### WHAT YOU WILL DO
Scan the records below for the line containing "spec_last : a" and the line containing "spec_packed : forall". Copy both, plus every line between, exactly.

### INPUT RECORDS
Lemma candidates_inF0 n L w : inF n 0 w -> candidates (inF n 0) L w = [::].
Proof.
move/inF0_packed => ->; apply/candidates_nil => -[i j]; apply/negP.
by move/admissible_homog => /and5P [_ _]; rewrite nth_packed; lia.
Qed.

Lemma candidates_inF_len1 k L w : inF 1 k w -> candidates (inF 1 k) L w = [::].
Proof.
move/size_inF => hs; apply/candidates_nil => -[i j]; apply/negP => /admissible_homog hh.
by have := homog_neq hh; have /andP [] := homog_size hh; rewrite hs /=; lia.
Qed.

Lemma suffix_app0_cases s :
  (forall u, suffix s (app0 u)) \/ (forall u, ~~ suffix s (app0 u)) \/
  exists s', forall u, suffix s (app0 u) = suffix s' u.
Proof.
case/lastP: s => [|s' []]; first by left => u; rewrite suffix0s.
- by right; left => u; rewrite suffix_rcons.
- by right; right; exists s' => u; rewrite suffix_rcons.
Qed.

Lemma suffix_app01_cases s :
  (forall u, suffix s (app01 u)) \/ (forall u, ~~ suffix s (app01 u)) \/
  exists s', forall u, suffix s (app01 u) = suffix s' u.
Proof.
case/lastP: s => [|s' []]; first by left => u; rewrite suffix0s.
- case/lastP: s' => [|s'' []].
  + by left => u; rewrite app01E suffix_rcons /= suffix0s.
  + by right; left => u; rewrite app01E !suffix_rcons.
  + by right; right; exists s'' => u; rewrite app01E !suffix_rcons.
- by right; left => u; rewrite app01E suffix_rcons.
Qed.

Lemma suffix_app0_app01_sep s :
  (forall u, ~~ suffix s (app0 u)) \/ (forall u, ~~ suffix s (app01 u)) \/
  forall z, suffix s z.
Proof.
case/lastP: s => [|s' []]; first by right; right => z; rewrite suffix0s.
- by left => u; rewrite suffix_rcons.
- by right; left => u; rewrite app01E suffix_rcons.
Qed.

Lemma suffix_partitioned_app0_app01 A B :
  suffix_partitioned A -> suffix_partitioned B ->
  suffix_partitioned (map app0 A ++ map app01 B).
Proof.
move=> hA hB; apply: suffix_partitioned_cat.
- exact: suffix_partitioned_map hA suffix_app0_cases.
- exact: suffix_partitioned_map hB suffix_app01_cases.
move=> s; case: (suffix_app0_app01_sep s) => [H|[H|H]];
  [left|right; left|right; right] => // x /mapP [u _ ->]; exact: H.
Qed.

Lemma suffix_partitioned_app01_app0 A B :
  suffix_partitioned A -> suffix_partitioned B ->
  suffix_partitioned (map app01 B ++ map app0 A).
Proof.
move=> hA hB; apply: suffix_partitioned_cat.
- exact: suffix_partitioned_map hB suffix_app01_cases.
- exact: suffix_partitioned_map hA suffix_app0_cases.
move=> s; case: (suffix_app0_app01_sep s) => [H|[H|H]];
  [right; left|left|right; right] => // x /mapP [u _ ->]; exact: H.
Qed.

(** * The invariant of the recursive decomposition *)

(* The last three clauses locate the end of the list; they determine the word at which
   one block of a longer list crosses over to the other. *)
Record greedy_spec n k a T : Prop := GreedySpec {
  spec_run : greedy_run (inF n k) [:: a] a T;
  spec_stuck : candidates (inF n k) (a :: T) (last a T) = [::];
  spec_partitioned : suffix_partitioned (a :: T);
  spec_last : a != packed_right n k -> last a T = packed_right n k;
  spec_last_right : a = packed_right n k -> exists2 d, last a T = packed n k d &
    [/\ d <= n.+1 - 2 * k, (0 < n.+1 - 2 * k -> d < n.+1 - 2 * k) & (k = 0 -> d = 0)];
  spec_packed : forall d0, d0 <= n.+1 - 2 * k -> a = packed n k d0 ->
    forall d, d <= n.+1 - 2 * k -> packed n k d \in a :: T }.

Lemma greedy_spec_last_packed n k a T : 2 * k <= n.+1 -> greedy_spec n k a T ->
  exists2 d, d <= n.+1 - 2 * k & last a T = packed n k d.
Proof.
move=> hk [_ _ _ h1 h2 _]; case: (eqVneq a (packed_right n k)) => [e|ne].
  by have [d hd [hd' _ _]] := h2 e; exists d.
by exists (n.+1 - 2 * k); rewrite ?h1.
Qed.

Lemma greedy_spec_last_packed_right n k d T : d + 2 * k <= n ->
  greedy_spec n k (packed n k d) T -> last (packed n k d) T = packed_right n k.
Proof.
move=> hd [g _ _ hlast _ _]; case: (posnP k) => [k0|kpos].
  subst k; have hw : inF n 0 (packed n 0 d) by apply: inF_packed; lia.
  have /inF0_packed -> := greedy_run_closed g hw (mem_last _ _).
  by rewrite /packed_right (packed0 _ _ 0).
by apply: hlast; apply/eqP => /packed_inj; lia.
Qed.

Lemma greedy_spec_weight0 n a : inF n 0 a -> greedy_spec n 0 a [::].
Proof.
move=> ha; have E := inF0_packed ha; split => //.
- exact: RunNil.
- exact: candidates_inF0.
- exact: suffix_partitioned_small.
- by move=> _; rewrite E; apply: packed0.
- by move=> _; exists 0 => //; split => //; lia.
- by move=> d0 _ _ d _; rewrite E (packed0 _ _ 0) mem_head.
Qed.

Lemma greedy_spec_length1 k a : 0 < k -> inF 1 k a -> greedy_spec 1 k a [::].
Proof.
move=> hk ha; have hk1 : k = 1 by have := inF_weight_bound ha; lia.
subst k; have [d hd E] := inF1_packed ha; have ed : d = 0 by lia. subst d.
split => //.
- exact: RunNil.
- exact: candidates_inF_len1.
- exact: suffix_partitioned_small.
- by move=> _; exists 0 => //; split => //; lia.
- move=> d0 _ _ d hd'; have -> : d = 0 by lia.
  by rewrite E mem_head.
Qed.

### RESULT FOR THIS EXERCISE
  spec_last : a != packed_right n k -> last a T = packed_right n k;
  spec_last_right : a = packed_right n k -> exists2 d, last a T = packed n k d &
    [/\ d <= n.+1 - 2 * k, (0 < n.+1 - 2 * k -> d < n.+1 - 2 * k) & (k = 0 -> d = 0)];
  spec_packed : forall d0, d0 <= n.+1 - 2 * k -> a = packed n k d0 ->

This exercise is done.